» **The task**: Look through the data below and extract, unchanged, the lines from the one that contains "case/existsP => F" to the one that contains "apply/existsP; exists (pattern_point", both included.

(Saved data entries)
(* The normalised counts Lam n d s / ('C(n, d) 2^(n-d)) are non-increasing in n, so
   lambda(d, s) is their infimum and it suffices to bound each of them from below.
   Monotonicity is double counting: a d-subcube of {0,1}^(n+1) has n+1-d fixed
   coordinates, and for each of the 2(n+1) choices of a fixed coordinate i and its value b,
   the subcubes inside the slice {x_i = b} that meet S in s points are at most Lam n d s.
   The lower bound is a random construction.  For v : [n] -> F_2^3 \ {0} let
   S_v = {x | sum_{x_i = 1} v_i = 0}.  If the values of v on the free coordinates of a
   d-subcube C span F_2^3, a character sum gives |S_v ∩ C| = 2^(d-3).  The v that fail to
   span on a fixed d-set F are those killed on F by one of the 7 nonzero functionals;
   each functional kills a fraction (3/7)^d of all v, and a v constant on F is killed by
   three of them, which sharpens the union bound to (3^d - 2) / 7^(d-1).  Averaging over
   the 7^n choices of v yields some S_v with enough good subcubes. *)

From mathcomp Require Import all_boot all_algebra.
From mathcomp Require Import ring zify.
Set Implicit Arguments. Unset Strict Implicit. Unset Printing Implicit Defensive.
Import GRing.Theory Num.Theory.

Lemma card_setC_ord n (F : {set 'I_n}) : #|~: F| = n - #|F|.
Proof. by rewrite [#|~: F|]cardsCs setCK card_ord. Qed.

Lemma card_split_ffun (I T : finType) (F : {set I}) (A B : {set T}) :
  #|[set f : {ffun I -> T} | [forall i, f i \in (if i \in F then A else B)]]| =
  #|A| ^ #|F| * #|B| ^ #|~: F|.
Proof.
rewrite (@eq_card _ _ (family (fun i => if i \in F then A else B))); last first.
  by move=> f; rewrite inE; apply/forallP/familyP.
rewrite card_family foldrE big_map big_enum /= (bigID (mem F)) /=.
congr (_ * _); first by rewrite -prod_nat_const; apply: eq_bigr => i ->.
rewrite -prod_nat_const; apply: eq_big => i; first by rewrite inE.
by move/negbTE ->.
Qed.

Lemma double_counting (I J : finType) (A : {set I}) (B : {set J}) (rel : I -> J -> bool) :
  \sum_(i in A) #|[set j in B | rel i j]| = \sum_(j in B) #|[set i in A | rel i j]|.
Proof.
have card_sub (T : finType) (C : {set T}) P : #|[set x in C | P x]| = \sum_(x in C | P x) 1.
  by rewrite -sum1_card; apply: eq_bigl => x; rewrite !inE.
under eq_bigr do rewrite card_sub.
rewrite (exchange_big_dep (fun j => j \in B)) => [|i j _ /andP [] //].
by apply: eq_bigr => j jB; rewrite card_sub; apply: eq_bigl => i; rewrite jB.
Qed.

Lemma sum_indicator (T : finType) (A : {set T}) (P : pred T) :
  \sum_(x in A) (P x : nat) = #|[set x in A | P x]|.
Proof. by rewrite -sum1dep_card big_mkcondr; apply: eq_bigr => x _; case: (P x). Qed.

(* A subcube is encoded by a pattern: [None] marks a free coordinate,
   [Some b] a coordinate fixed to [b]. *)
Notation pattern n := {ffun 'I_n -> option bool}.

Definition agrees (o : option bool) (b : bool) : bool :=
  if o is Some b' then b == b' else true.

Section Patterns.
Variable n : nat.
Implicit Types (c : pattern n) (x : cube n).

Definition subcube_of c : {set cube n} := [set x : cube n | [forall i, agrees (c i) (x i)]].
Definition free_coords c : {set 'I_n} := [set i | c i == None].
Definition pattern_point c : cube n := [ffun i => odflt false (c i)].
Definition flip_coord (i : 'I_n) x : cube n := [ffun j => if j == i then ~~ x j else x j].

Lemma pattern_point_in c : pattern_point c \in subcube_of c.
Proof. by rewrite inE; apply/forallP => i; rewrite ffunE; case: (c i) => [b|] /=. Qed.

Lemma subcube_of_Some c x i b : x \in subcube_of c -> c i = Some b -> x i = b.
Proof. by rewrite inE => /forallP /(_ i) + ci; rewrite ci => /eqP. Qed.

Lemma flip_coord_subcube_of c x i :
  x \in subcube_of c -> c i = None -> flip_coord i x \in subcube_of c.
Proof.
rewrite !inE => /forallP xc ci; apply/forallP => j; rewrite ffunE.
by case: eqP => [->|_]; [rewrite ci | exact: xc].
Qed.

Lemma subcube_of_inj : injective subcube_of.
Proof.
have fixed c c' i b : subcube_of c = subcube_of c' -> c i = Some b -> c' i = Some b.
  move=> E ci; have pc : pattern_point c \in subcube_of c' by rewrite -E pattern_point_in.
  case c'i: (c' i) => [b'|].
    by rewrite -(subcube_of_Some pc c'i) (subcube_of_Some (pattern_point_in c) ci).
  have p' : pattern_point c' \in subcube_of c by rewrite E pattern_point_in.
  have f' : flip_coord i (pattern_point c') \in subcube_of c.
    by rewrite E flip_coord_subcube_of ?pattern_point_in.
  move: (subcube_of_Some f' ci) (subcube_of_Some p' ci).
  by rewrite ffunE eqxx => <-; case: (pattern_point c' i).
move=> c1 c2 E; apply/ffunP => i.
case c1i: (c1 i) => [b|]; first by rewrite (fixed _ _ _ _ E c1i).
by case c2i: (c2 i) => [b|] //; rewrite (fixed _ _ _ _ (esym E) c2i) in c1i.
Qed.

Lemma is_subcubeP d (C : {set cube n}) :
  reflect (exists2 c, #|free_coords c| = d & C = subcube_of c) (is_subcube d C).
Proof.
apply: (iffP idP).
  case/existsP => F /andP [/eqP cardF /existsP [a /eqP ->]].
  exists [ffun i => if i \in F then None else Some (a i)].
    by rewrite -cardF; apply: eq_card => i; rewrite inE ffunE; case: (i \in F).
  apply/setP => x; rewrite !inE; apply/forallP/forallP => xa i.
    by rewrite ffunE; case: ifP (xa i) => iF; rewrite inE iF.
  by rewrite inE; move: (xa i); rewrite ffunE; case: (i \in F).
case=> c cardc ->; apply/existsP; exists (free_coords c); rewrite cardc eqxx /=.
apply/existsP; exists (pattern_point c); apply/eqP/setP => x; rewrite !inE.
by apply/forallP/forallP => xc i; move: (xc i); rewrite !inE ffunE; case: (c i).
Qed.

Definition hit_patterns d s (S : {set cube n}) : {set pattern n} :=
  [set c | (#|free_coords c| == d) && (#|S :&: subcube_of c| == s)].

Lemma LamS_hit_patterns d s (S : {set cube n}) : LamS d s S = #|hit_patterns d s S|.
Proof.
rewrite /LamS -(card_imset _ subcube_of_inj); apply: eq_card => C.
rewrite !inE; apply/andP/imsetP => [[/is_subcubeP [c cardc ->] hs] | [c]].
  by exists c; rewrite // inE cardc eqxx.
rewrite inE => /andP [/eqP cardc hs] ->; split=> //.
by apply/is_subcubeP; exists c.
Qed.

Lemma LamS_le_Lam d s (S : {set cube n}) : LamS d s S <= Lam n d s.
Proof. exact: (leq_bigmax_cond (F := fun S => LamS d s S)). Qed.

» **Solved exercise**:
  case/existsP => F /andP [/eqP cardF /existsP [a /eqP ->]].
  exists [ffun i => if i \in F then None else Some (a i)].
    by rewrite -cardF; apply: eq_card => i; rewrite inE ffunE; case: (i \in F).
  apply/setP => x; rewrite !inE; apply/forallP/forallP => xa i.
    by rewrite ffunE; case: ifP (xa i) => iF; rewrite inE iF.
  by rewrite inE; move: (xa i); rewrite ffunE; case: (i \in F).
case=> c cardc ->; apply/existsP; exists (free_coords c); rewrite cardc eqxx /=.
apply/existsP; exists (pattern_point c); apply/eqP/setP => x; rewrite !inE.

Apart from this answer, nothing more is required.